Abstract

Background:There is no baseline activity scale yet validated in pediatric patients. The Marx and Tegner scales have been validated in adult patients only. The Tegner scale involves questions not pertinent to children, such as their work activity. The Marx scale is simple, and all its questions can be related to athletic activities.Hypothesis:The Marx scale is reliable for use in a pediatric population.Study Design:Cohort study.Level of Evidence:Level 2.Methods:Patients younger than 18 years were given the Marx activity scale in clinic and again 3 weeks later. The patients were divided into 3 groups, of at least 50 patients each, based on presenting diagnosis: knee injury, lower extremity (non-knee) injury, and upper extremity injury. Test-retest reliability was determined for the overall scores and the individual questions. Differences in scores were also compared based on age (<14 vs ≥14 years).Results:A total of 162 patients (mean age, 14.4 years; range, 8-17 years) were included.

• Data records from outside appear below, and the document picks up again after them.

(* If $K$ is a degenerate CMI, i.e. $K=(\cdot,\langle\ \rangle)$, then $(\cdot,\langle\ \rangle)$ is the only sub-CMI of $K$.
   Context: Setting: $X_1,\dots,X_n$ jointly distributed discrete random variables with $H(X_i)<\infty$; distribution unspecified. $X_\alpha=(X_i,i\in\alpha)$, $X_\emptyset$ constant. A CMI is $K=(C,\langle Q_1,\dots,Q_k\rangle)$, $k\ge0$, $C\subseteq\{1,\dots,n\}$, $\langle\cdot\rangle$ an unordered multiset of subsets; valid (for a given distribution) if $\sum_iH(X_{Q_i}|X_C)-H(X_{Q_1},\dots,X_{Q_k}|X_C)=0$. Empty members may be deleted. Degenerate = valid for every distribution; all degenerate CMIs are identified and written $(\cdot,\langle\ \rangle)$. $\mathrm{pur}(K)=(C,\langle Q_i\setminus C:Q_i\setminus C\ne\emptyset\rangle)$. For pure $K$: $\mathbb I_K$ = indices lying in at least two members of the collection if $k\ge2$, else $\emptyset$; $P_1,\dots,P_t$ the nonempty sets among $Q_i\setminus\mathbb I_K$; $\mathrm{can}(K)=(\cdot,\langle\ \rangle)$ if $k\le1$, $(C,\langle\mathbb I_K,\mathbb I_K\rangle)$ if $k\ge2,\mathbb I_K\ne\emptyset,t\le1$, $(C,\langle P_1..P_t\rangle)$ if $k\ge2,\mathbb I_K=\emptyset$, $(C,\langle\mathbb I_K,\mathbb I_K,P_1..P_t\rangle)$ if $k\ge2,\mathbb I_K\ne\emptyset,t\ge2$. For general $K$, $\mathbb I_K$ is the repeated-index set of $\mathrm{pur}(K)$ and $\mathrm{can}(\mathrm{pur}(K))$ is written $(C,\langle\mathbb I_K,\mathbb I_K,P_i,1\le i\le t\rangle)$ (copies of $\mathbb I_K$ omitted if empty; for degenerate $K$ this means $\mathbb I_K=\emptyset$, $t\in\{0,1\}$, $C$ arbitrary). $P=\bigcup_iP_i$, $S=C\cup P$. $R_K^{K'}$: with $\mathrm{can}(\mathrm{pur}(K'))=(C',\langle\mathbb I_{K'},\mathbb I_{K'},P'_j,1\le j\le s\rangle)$, $D=\mathbb I_{K'}\setminus\mathbb I_K$ and $T_1,\dots,T_u$ the nonempty sets among $P'_j\setminus\mathbb I_K$: $R_K^{K'}=(\cdot,\langle\ \rangle)$ if $D=\emptyset,u\le1$; $(C'\setminus\mathbb I_K,\langle T_1..T_u\rangle)$ if $D=\emptyset,u\ge2$; $(C'\setminus\mathbb I_K,\langle D,D\rangle)$ if $D\ne\emptyset,u\le1$; $(C'\setminus\mathbb I_K,\langle D,D,T_1..T_u\rangle)$ if $D\ne\emptyset,u\ge2$. Sub-CMI: with $K''=R_K^{K'}$, $\mathrm{can}(\mathrm{pur}(K''))=(C'',\langle\mathbb I_{K''},\mathbb I_{K''},P''_j,1\le j\le r\rangle)$, $P''=\bigcup_jP''_j$, $K'$ is a sub-CMI of $K$ if: (i) $K'=(\cdot,\langle\ \rangle)$; or (ii) $\mathrm{can}(\mathrm{pur}(K''))=(\cdot,\langle\ \rangle)$ and $C\subseteq C'$; or (iii) $\mathrm{can}(\mathrm{pur}(K''))\ne(\cdot,\langle\ \rangle)$, $\mathbb I_{K''}=\emptyset$, $P''\subseteq P$, $C\subseteq C''\subseteq S\setminus P''$, and whenever $m_1\in P''_{j_1}$, $m_2\in P''_{j_2}$ with $j_1\ne j_2$, then $m_1\in P_{i_1}$, $m_2\in P_{i_2}$ with $i_1\ne i_2$. *)

From HB Require Import structures.
From mathcomp Require Import all_boot all_order all_algebra.
From mathcomp Require Import boolp classical_sets reals ereal esum exp.
From mathcomp Require Import Rstruct.
Set Implicit Arguments. Unset Strict Implicit. Unset Printing Implicit Defensive.
Import Order.TTheory GRing.Theory Num.Theory.
Local Open Scope ring_scope.
Local Notation set0 := finset.set0.

(* Semantics: jointly distributed discrete random variables X_1..X_n.        *)
(* Indices are 'I_n.  Every countable alphabet embeds into nat, and entropy   *)
(* only depends on the joint law, so a joint distribution is a probability   *)
(* mass function on outcomes x : {ffun 'I_n -> nat} (x i = value of X_i).    *)

Definition RR := Rdefinitions.R.

Definition outcome (n : nat) := {ffun 'I_n -> nat}.

(* the value of X_A = (X_i, i in A), padded with 0 outside A *)
Definition restr n (A : {set 'I_n}) (x : outcome n) : outcome n :=
  [ffun i => if i \in A then x i else 0%N].

Definition is_pmf n (p : outcome n -> RR) : Prop :=
  (forall x, 0 <= p x) /\ (\esum_(x in [set: outcome n]) (p x)%:E = 1)%E.

Definition marg n (p : outcome n -> RR) (A : {set 'I_n}) (y : outcome n) : RR :=
  fine (\esum_(x in [set x | restr A x = y]) (p x)%:E).

Definition entropy n (p : outcome n -> RR) (A : {set 'I_n}) : \bar RR :=
  \esum_(y in [set: outcome n]) (- (marg p A y * ln (marg p A y)))%:E.

Definition admissible n (p : outcome n -> RR) : Prop :=
  is_pmf p /\ forall i : 'I_n, (entropy p [set i] < +oo)%E.

(* conditional entropy H(X_A | X_C) = H(X_{A u C}) - H(X_C) (all finite for
   admissible p, so computed through fine) *)
Definition centropy n (p : outcome n -> RR) (A C : {set 'I_n}) : RR :=
  fine (entropy p (A :|: C)) - fine (entropy p C).

(* CMIs: K = (C, <Q_1,...,Q_k>), the multiset represented by a sequence.      *)

Definition CMI (n : nat) := ({set 'I_n} * seq {set 'I_n})%type.

Definition valid n (p : outcome n -> RR) (K : CMI n) : Prop :=
  \sum_(Q <- K.2) centropy p Q K.1
    - centropy p (\bigcup_(Q <- K.2) Q) K.1 = 0.

Definition degenerate n (K : CMI n) : Prop :=
  forall p : outcome n -> RR, admissible p -> valid p K.

(* a representative of the degenerate CMI ( . , < > ) *)
Definition degCMI n : CMI n := (set0, [::]).

Definition pur n (K : CMI n) : CMI n :=
  (K.1, [seq Q :\: K.1 | Q <- K.2 & Q :\: K.1 != set0]).

Definition rep n (Qs : seq {set 'I_n}) : {set 'I_n} :=
  if (2 <= size Qs)%N then finset (fun i : 'I_n => (2 <= count (fun Q : {set 'I_n} => i \in Q) Qs)%N)
  else set0.

Definition Pseq n (I : {set 'I_n}) (Qs : seq {set 'I_n}) : seq {set 'I_n} :=
  [seq Q :\: I | Q <- Qs & Q :\: I != set0].

Definition can n (K : CMI n) : CMI n :=
  let I := rep K.2 in
  let Ps := Pseq I K.2 in
  if (size K.2 <= 1)%N then degCMI n
  else if I == set0 then (K.1, Ps)
  else if (size Ps <= 1)%N then (K.1, [:: I; I])
  else (K.1, I :: I :: Ps).
Lemma esum_p_hR x : x \notin B ->
  \esum_(z in [set: S]) (p x z * hR p d B z)%:E = (hR p d B x / meanR d x)%:E.
Proof.
move=> xB; have := hR_harmonic x xB; have m_gt0 := meanR_gt0 x xB.
have : 0 <= \esum_(z in [set: S]) (p x z * hR p d B z)%:E.
  by apply: esum_ge0 => z _; rewrite lee_fin mulr_ge0 ?p_ge0 ?hR_ge0.
case: (\esum_(z in [set: S]) _) => [r _ | _ | //].
  by rewrite -EFinM => -[->]; congr EFin; field; rewrite gt_eqF.
by rewrite gt0_muley ?lte_fin.
Qed.

Local Close Scope ereal_scope.

(* When sum_i h(y_i) = 0 the division is junk, but then h(y_k) = 0 as well. *)
Lemma blue_offspringE x n (k : 'I_n) (y : {ffun 'I_n -> S}) :
  blue_offspring p d B x (k, y) =
  (hR p d B x)^-1 * d x n * ((\prod_(i < n) p x (y i)) * hR p d B (y k)).
Proof.
rewrite /blue_offspring /=; set hsum := \sum_(i < n) _.
have [hsum0|hsum_neq0] := eqVneq hsum 0; last first.
  by rewrite -[in LHS]mulrA (mulrC hsum) divfK // mulrA.
have -> : hR p d B (y k) = 0.
  by apply: (psumr_eq0P (P := predT) (F := fun i => hR p d B (y i))) => // i _; exact: hR_ge0.
by rewrite hsum0 !(mulr0, mul0r).
Qed.

Lemma blue_offspring_ge0 x n (ky : 'I_n * {ffun 'I_n -> S}) :
  0 <= blue_offspring p d B x ky.
Proof.
case: ky => k y; rewrite blue_offspringE.
by rewrite !mulr_ge0 ?invr_ge0 ?prodr_ge0 ?hR_ge0 ?d_ge0 // => i _; exact: p_ge0.
Qed.
(* Let $A\in M_n(\mathbb{C})$ and suppose the Schur map $S_A\colon M_n(\mathbb{C})\to M_n(\mathbb{C})$, $S_A(B)=A\circ B$, is nonzero and multiplicative. Then the following are equivalent: (i) $S_A$ is $*$-preserving, i.e. $S_A(B^* )=S_A(B)^*$ for all $B$; (ii) $\|A\|=n$; (iii) $\frac{1}{n}A$ is an orthogonal projection; (iv) the operator norm of $S_A$ is $1$.
   Context: $A\circ B=(a_{ij}b_{ij})$ is the entrywise (Schur) product; multiplicative means $S_A(BC)=S_A(B)S_A(C)$ for all $B,C$. $\|A\|$ is the operator norm of $A$ on $\mathbb{C}^n$, and the norm of $S_A$ is its operator norm when $M_n(\mathbb{C})$ carries the operator norm on domain and range. *)

From HB Require Import structures.
From mathcomp Require Import all_boot all_order all_algebra.
From mathcomp Require Import complex.
From mathcomp Require Import boolp classical_sets reals.
Set Implicit Arguments. Unset Strict Implicit. Unset Printing Implicit Defensive.
Import Order.TTheory GRing.Theory Num.Theory.
Local Open Scope ring_scope.
Local Open Scope classical_set_scope.

Section Defs.
Variable R : realType.
Variable n : nat.

Definition schur (A B : 'M[R[i]]_n) : 'M[R[i]]_n := \matrix_(i, j) (A i j * B i j).

Definition adjmx (B : 'M[R[i]]_n) : 'M[R[i]]_n := map_mx (@conjc R) B^T.

Definition vnorm (x : 'cV[R[i]]_n) : R :=
  Num.sqrt (\sum_k ((complex.Re (x k 0)) ^+ 2 + (complex.Im (x k 0)) ^+ 2)).

Definition opnorm (M : 'M[R[i]]_n) : R :=
  sup [set vnorm (M *m x) | x in [set x : 'cV[R[i]]_n | vnorm x <= 1]].

Definition schur_opnorm (A : 'M[R[i]]_n) : R :=
  sup [set opnorm (schur A B) | B in [set B : 'M[R[i]]_n | opnorm B <= 1]].

Definition orth_proj (P : 'M[R[i]]_n) : Prop := P *m P = P /\ adjmx P = P.

End Defs.

From HB Require Import structures.
From mathcomp Require Import all_boot all_order all_algebra.
From mathcomp Require Import complex.
From mathcomp Require Import boolp classical_sets reals.
From mathcomp Require Import ring lra.
Import Order.TTheory GRing.Theory Num.Theory.
Local Open Scope ring_scope.

(* Multiplicativity of S_A on matrix units gives A i k = A i j * A j k, and
   nonvanishing gives A i i = 1; so A i j * A j i = 1, A is the rank-one matrix
   A i j = A i 0 * A 0 j, and A *m A = n *: A.  Each of (i)-(iv) is then
   equivalent to |A i j| = 1 for all i, j:
   - (i) and (iii) say that A is self-adjoint, i.e. conj (A i j) = (A i j)^-1;
   - the operator norm of the rank-one A is its Frobenius norm, which is at
     least n since |A i j|^2 + |A j i|^2 >= 2, with equality iff every |A i j| = 1;
   - for unimodular A, S_A B = D B D^* with D = diag (A i 0) unitary, so S_A is
     isometric; conversely ||S_A|| = 1 bounds |A i j| = ||S_A (delta_mx i j)||
     by 1, and |A i j| |A j i| = 1 forces equality. *)


Section RealInequalities.
Context {R : realFieldType}.
Lemma mint_of_nat_inj : injective (@mint_of_nat d).
Proof. by move=> p q /ffunP pq; apply/ffunP => j; have := pq j; rewrite !ffunE => -[]. Qed.

Lemma msub_nat_surj (k : mint d) :
  exists p q : I, msub (mint_of_nat p) (mint_of_nat q) = k.
Proof.
exists [ffun j => if 0 <= k j then `|k j|%N else 0%N].
exists [ffun j => if 0 <= k j then 0%N else `|k j|%N].
apply/ffunP => j; rewrite !ffunE; case: ifP => k_ge0; first by rewrite subr0 gez0_abs.
by rewrite sub0r ltz0_abs ?opprK // ltNge k_ge0.
Qed.

Lemma mopp_msub (k l : mint d) : mopp (msub k l) = msub l k.
Proof. by apply/ffunP => j; rewrite !ffunE opprB. Qed.

Lemma mdotB (k l : mint d) theta : mdot (msub k l) theta = mdot k theta - mdot l theta.
Proof. by rewrite /mdot -sumrB; apply: eq_bigr => j _; rewrite ffunE intrB mulrBl. Qed.

Definition toeplitz_kernel c (n m : I) : C := c (msub (mint_of_nat n) (mint_of_nat m)).

Lemma toeplitz_kapp c : toeplitz c = kapp (toeplitz_kernel c).
Proof. by []. Qed.

Lemma Linfty_kbounded c : Linfty_coeffs c -> exists M, kbounded (toeplitz_kernel c) M.
Proof.
move=> [M cM]; exists M; split.
  have := cM (fun=> 1) [fset [ffun=> 0]]%fset fset0.
  by rewrite big_nil big_seq_fset1 sqn1 mulr1.
move=> J L a; pose toN (k : mint d) : I := [ffun j => `|k j|%N].
have toNK n : toN (mint_of_nat n) = n by apply/ffunP => j; rewrite !ffunE.
have imE (F : mint d -> C) (A : {fset I}) :
    \sum_(k <- [fset mint_of_nat m | m in A]%fset) F k = \sum_(m <- A) F (mint_of_nat m).
  by rewrite big_imfset // => p q _ _ /mint_of_nat_inj.
have := cM (a \o toN) [fset mint_of_nat m | m in J]%fset [fset mint_of_nat n | n in L]%fset.
rewrite big_imfset /=; last by move=> p q _ _ /mint_of_nat_inj.
rewrite [in X in _ <= _ * X]big_imfset /=; last by move=> p q _ _ /mint_of_nat_inj.
under eq_bigr do rewrite imE.
under eq_bigr do under eq_bigr do rewrite toNK.
by under [in X in _ <= _ * X]eq_bigr do rewrite toNK.
Qed.

Definition phase_symmetric theta c := forall k, expi (mdot k theta) * c k = c (mopp k).

Section Symbol.
Variables (theta : 'I_d -> R) (c : mint d -> C).
Hypothesis c_sym : phase_symmetric theta c.

Lemma toeplitz_kernel_tr :
  ktr (toeplitz_kernel c) = fun m n => expi (mdot (mint_of_nat m) theta)
    * toeplitz_kernel c m n * expi (- mdot (mint_of_nat n) theta).
Proof.
apply/funext => m; apply/funext => n.
by rewrite /ktr /toeplitz_kernel -mopp_msub -c_sym mdotB expiD; ring.
Qed.

Lemma toeplitz_kbounded : Linfty_coeffs c ->
  exists M, kbounded (toeplitz_kernel c) M /\ kbounded (ktr (toeplitz_kernel c)) M.
Proof.
move=> /Linfty_kbounded [M KM]; exists M; split => //.
by rewrite toeplitz_kernel_tr; apply: kbounded_twist => // n; exact: sqn_expi.
Qed.

End Symbol.

Section Conjugation.
Variables (theta xi : 'I_d -> R).
Local Notation Cj := (Cthxi theta xi).
Local Notation alpha := (\sum_(j < d) xi j).

Lemma conj_Cthxi h k :
  conjc (Cj h k) = expi (- alpha) * h k * expi (mdot (mint_of_nat k) theta).
Proof. by rewrite /Cthxi !conjcM conjcK !conj_expi opprK. Qed.

Lemma Cthxi_invol : involutive Cj.
Proof.
move=> h; apply/funext => k; rewrite {1}/Cthxi conj_Cthxi.
rewrite -[RHS]mul1r -(expiNr alpha) -[RHS]mulr1 -(expiNr (mdot (mint_of_nat k) theta)).
ring.
Qed.

Lemma l2_bounded_Cthxi h M : l2_bounded h M -> l2_bounded (Cj h) M.
Proof.
by move=> hM A; under eq_bigr do rewrite /Cthxi !sqnM !sqn_expi sqnJ mul1r mulr1; exact: hM.
Qed.

Lemma inner_ev_l f n : inner (ev n) f = conjc (f n).
Proof.
rewrite /inner (csum_fset1 (n := n)) /ev ?eqxx ?mul1r // => k /negbTE ->.
by rewrite mul0r.
Qed.

Lemma inner_Cthxi_ev f n :
  inner f (Cj (ev n)) = f n * (expi (- alpha) * expi (mdot (mint_of_nat n) theta)).
Proof.
rewrite /inner (csum_fset1 (n := n)) => [|k /negbTE nk]; rewrite conj_Cthxi /ev ?eqxx ?nk.
  by rewrite mulr1.
by rewrite mulr0 mul0r mulr0.
Qed.

Lemma conj_Cthxi_toeplitz c M g Mg : phase_symmetric theta c ->
  kbounded (ktr (toeplitz_kernel c)) M -> l2_bounded g Mg -> forall m,
  conjc (Cj (toeplitz c (Cj g)) m) = kapp (ktr (toeplitz_kernel c)) (fun n => conjc (g n)) m.
Proof.
move=> c_sym KtM gMg m; rewrite conj_Cthxi toeplitz_kapp /kapp.
have KCgS := kapp_summable KtM m (l2_bounded_Cthxi gMg).
rewrite -csumMl // -csumMr; last exact: csummableMl.
rewrite (toeplitz_kernel_tr c_sym); congr csum; apply/funext => n.
by rewrite /Cthxi -[RHS]mul1r -(expiNr alpha); ring.
Qed.

End Conjugation.

Lemma C_symmetric_toeplitz_phase_sym theta xi c :
  C_symmetric (Cthxi theta xi) (toeplitz c) -> phase_symmetric theta c.
Proof.
case=> S [[_ S_adj] CSC] k; have [p [q <-]] := msub_nat_surj k.
have evH2 (n : I) : in_H2 (@ev R _ n) := ex_intro _ 1 (l2_bounded_ev n).
have CevH2 (n : I) : in_H2 (Cthxi theta xi (ev n)) :=
  ex_intro _ 1 (l2_bounded_Cthxi theta xi (l2_bounded_ev n)).
have := S_adj (ev q) _ (evH2 q) (CevH2 p).
rewrite inner_Cthxi_ev inner_ev_l toeplitz_kapp kapp_ev => S_pq.
have := congr1 (fun h => h q) (CSC _ (evH2 p)); rewrite /= toeplitz_kapp kapp_ev.
rewrite {1}/Cthxi -S_pq /toeplitz_kernel mopp_msub mdotB expiD => <-.
by rewrite -[LHS]mul1r -(expiNr (\sum_(j < d) xi j)); ring.
Qed.

Lemma phase_sym_C_symmetric_toeplitz theta xi c : Linfty_coeffs c ->
  phase_symmetric theta c -> C_symmetric (Cthxi theta xi) (toeplitz c).
Proof.
move=> c_bdd c_sym; have [M [KM KtM]] := toeplitz_kbounded c_sym c_bdd.
exists (fun g => Cthxi theta xi (toeplitz c (Cthxi theta xi g))); split; first split.
- move=> g [Mg gMg]; exists (M * Mg); apply: l2_bounded_Cthxi.
  exact: kapp_l2 KM KtM _ _ (l2_bounded_Cthxi theta xi gMg).
- move=> f g [Mf fMf] [Mg gMg]; rewrite /inner (kapp_adjoint KM KtM fMf (l2_bounded_conj gMg)).
  by congr csum; apply/funext => m; rewrite (conj_Cthxi_toeplitz xi c_sym KtM gMg).
- by move=> f _; rewrite !Cthxi_invol.
Qed.

End Polydisc.

(* [hd] is unused: the characterisation holds for every [d]. *)
Theorem theorem9p6 (R : realType) (d : nat) (hd : (2 <= d)%N)
  (theta xi : 'I_d -> R) (c : mint d -> R[i]) (hc : Linfty_coeffs c) :
  C_symmetric (Cthxi theta xi) (toeplitz c) <->
  (forall k : mint d, expi (mdot k theta) * c k = c (mopp k)).
Proof.
split; first exact: C_symmetric_toeplitz_phase_sym.
exact: phase_sym_C_symmetric_toeplitz.
Qed.
(* Let $A\in\mathbb{R}^{m\times n}$ and let $A=P_1-R_1+S_1=P_2-R_2+S_2$ be two double proper regular (respectively, double proper weak regular) splittings of $A$ such that $N(R_2)\supseteq N(P_2)$, $R(R_2)\subseteq R(P_2)$, $-1\notin\sigma(R_2P_1^{\dagger})$ and $\widehat{\mathcal{A}}^{\dagger}\geq 0$, where $\widehat{\mathcal{A}}=(I+R_2P_1^{\dagger})A$. Then $\rho(\mathcal{W}_{12})<1$, where $$\mathcal{W}_{12}=\begin{pmatrix} P_2^{\dagger}R_2P_1^{\dagger}R_1-P_2^{\dagger}S_2 & -P_2^{\dagger}R_2P_1^{\dagger}S_1\\ I & 0\end{pmatrix}.$$
   Context: For $M\in\mathbb{R}^{m\times n}$, $M^{\dagger}$ is its Moore–Penrose inverse, $R(M)$, $N(M)$ its range and null space; inequalities are entrywise; $\rho$ is the spectral radius, $\sigma$ the spectrum. A double splitting $A=P-R+S$ is a double proper splitting if $R(P)=R(A)$ and $N(P)=N(A)$; it is double proper regular if moreover $P^{\dagger}\geq0$, $R\geq0$, $S\leq0$; double proper weak regular if moreover $P^{\dagger}\geq 0$, $P^{\dagger}R\geq 0$, $P^{\dagger}S\leq 0$. *)

From HB Require Import structures.
From mathcomp Require Import all_boot all_order all_algebra.
From mathcomp Require Import reals complex.
From Stdlib Require Import ClassicalEpsilon.
Set Implicit Arguments. Unset Strict Implicit. Unset Printing Implicit Defensive.
Import Order.TTheory GRing.Theory Num.Theory.
Local Open Scope ring_scope.

Section Defs.
Variable R : realType.

Definition is_MP_inverse m n (A : 'M[R]_(m, n)) (X : 'M[R]_(n, m)) : Prop :=
  [/\ A *m X *m A = A, X *m A *m X = X,
      (A *m X)^T = A *m X & (X *m A)^T = X *m A].

(* The Moore--Penrose inverse A^dagger (chosen as the unique matrix
   satisfying the Penrose equations; it always exists for real matrices). *)
Definition pinv m n (A : 'M[R]_(m, n)) : 'M[R]_(n, m) :=
  epsilon (inhabits 0) (is_MP_inverse A).

Definition range_sp m n (M : 'M[R]_(m, n)) (y : 'cV[R]_m) : Prop :=
  exists x : 'cV[R]_n, M *m x = y.
Definition null_sp m n (M : 'M[R]_(m, n)) (x : 'cV[R]_n) : Prop :=
  M *m x = 0.

Definition mx_ge0 m n (M : 'M[R]_(m, n)) : Prop := forall i j, 0 <= M i j.
Definition mx_le0 m n (M : 'M[R]_(m, n)) : Prop := forall i j, M i j <= 0.

Definition double_proper_splitting m n (A P Rm S : 'M[R]_(m, n)) : Prop :=
  [/\ A = P - Rm + S,
      (forall y, range_sp P y <-> range_sp A y) &
      (forall x, null_sp P x <-> null_sp A x)].

Definition double_proper_regular m n (A P Rm S : 'M[R]_(m, n)) : Prop :=
  [/\ double_proper_splitting A P Rm S, mx_ge0 (pinv P), mx_ge0 Rm & mx_le0 S].

Definition double_proper_weak_regular m n (A P Rm S : 'M[R]_(m, n)) : Prop :=
  [/\ double_proper_splitting A P Rm S, mx_ge0 (pinv P),
      mx_ge0 (pinv P *m Rm) & mx_le0 (pinv P *m S)].

Definition cmx n (M : 'M[R]_n) : 'M[R[i]]_n := map_mx (fun x => x%:C%C) M.

Definition spectrum n (M : 'M[R]_n) : pred R[i] :=
  fun z => eigenvalue (cmx M) z.

Definition eigen_seq n (M : 'M[R]_n) : seq R[i] :=
  sval (closed_field_poly_normal (char_poly (cmx M))).

Definition spectral_radius n (M : 'M[R]_n) : R :=
  \big[Num.max/0]_(z <- eigen_seq M) ComplexField.Normc.normc z.

End Defs.

From HB Require Import structures.
From mathcomp Require Import all_boot all_order all_algebra.
From mathcomp Require Import reals complex.
From Stdlib Require Import ClassicalEpsilon.
Set Implicit Arguments. Unset Strict Implicit. Unset Printing Implicit Defensive.
Import Order.TTheory GRing.Theory Num.Theory.
Local Open Scope ring_scope.

(* As N(P1) = N(A) = N(P2) lies in N(R2), R2 P1† P1 = R2,
   and comparing the two splittings gives Â = P2 - V with
   V = R2 P1† R1 - S2 - R2 P1† S1, so that W12 = [[B, -D], [I, 0]] with
   P2† V = B - D, B >= 0 >= D.  Since I + R2 P1† is invertible and maps R(A) into
   itself, Â = P2 - V is a proper splitting, whence Â† = P2† + P2† V Â†.
   If v W12 = lam v with |lam| >= 1 and v = (z, z'), then w = |z| satisfies
   w <= w P2† V entrywise; multiplying the identity for Â† by w and using
   P2†, Â† >= 0 forces w P2† = 0, hence w = 0 and v = 0. *)

Lemma rV_mulmx_tr_eq0 (F : realFieldType) k (u : 'rV[F]_k) : u *m u^T = 0 -> u = 0.
Proof.
move=> /matrixP /(_ 0 0); rewrite !mxE => sum0.
have sq_ge0 i : true -> 0 <= u 0 i * u^T i 0 by rewrite mxE -expr2 sqr_ge0.
apply/rowP => i; have /eqP := psumr_eq0P sq_ge0 sum0 (i := i) isT.
by rewrite mxE -expr2 sqrf_eq0 mxE => /eqP.
Qed.

Lemma row_free_mulmx_tr_unit (F : realFieldType) r k (M : 'M[F]_(r, k)) :
  row_free M -> M *m M^T \in unitmx.
Proof.
move=> freeM; rewrite -row_free_unit; apply: inj_row_free => v vMM0.
have : (v *m M) *m (v *m M)^T = 0 by rewrite trmx_mul !mulmxA -(mulmxA v) vMM0 mul0mx.
by move/rV_mulmx_tr_eq0/eqP; rewrite mulmx_free_eq0 // => /eqP.
Qed.

Section MoorePenrose.
Variable R : realType.

Lemma is_MP_inverse_full_rank_factor m r n (F : 'M[R]_(m, r)) (G : 'M[R]_(r, n)) :
  G *m G^T \in unitmx -> F^T *m F \in unitmx ->
  is_MP_inverse (F *m G) (G^T *m invmx (G *m G^T) *m invmx (F^T *m F) *m F^T).
Proof.
move=> uG uF; set iG := invmx (G *m G^T); set iF := invmx (F^T *m F).
have iGT : iG^T = iG by rewrite /iG trmx_inv trmx_mul trmxK.
have iFT : iF^T = iF by rewrite /iF trmx_inv trmx_mul trmxK.
have GK p (X : 'M[R]_(p, r)) : X *m G *m G^T *m iG = X.
  by rewrite -[RHS]mulmx1 -(mulmxV uG) !mulmxA.
have FK p (X : 'M[R]_(p, r)) : X *m iF *m F^T *m F = X.
  by rewrite -[RHS]mulmx1 -(mulVmx uF) !mulmxA.
have AX : F *m G *m (G^T *m iG *m iF *m F^T) = F *m iF *m F^T by rewrite !mulmxA GK.
have XA : G^T *m iG *m iF *m F^T *m (F *m G) = G^T *m iG *m G by rewrite !mulmxA FK.
split.
- by rewrite AX !mulmxA FK.
- by rewrite XA !mulmxA GK.
- by rewrite AX !trmx_mul trmxK iFT !mulmxA.
- by rewrite XA !trmx_mul trmxK iGT !mulmxA.
Qed.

The Marx scale had a high intraclass correlation coefficient (ICC) overall as well as for each of its 4 questions. Both older and younger patients had ICCs >0.80, though the older group generally had higher scores. The mean score was 13.55 (out of 16), and 50.6% scored the maximum; only 1.9% scored the minimum. Mean scores for the knee, lower extremity, and upper extremity groups were 13.71 (SD, 3.70), 13.22 (SD, 4.18), and 13.68 (SD, 3.33), respectively (P > 0.05). There also was no difference in total score based on age (P = 0.88).Conclusion:The Marx activity scale is reliable in patients younger than 18 years with injuries to the knee and lower extremities, though the scale was less reliable in patients younger than 14 years. There is a significant ceiling effect present, which limits its overall usefulness.Clinical Relevance:Although there is no other current substitute, the Marx activity scale is not an ideal measurement of younger patients’ baseline activity levels.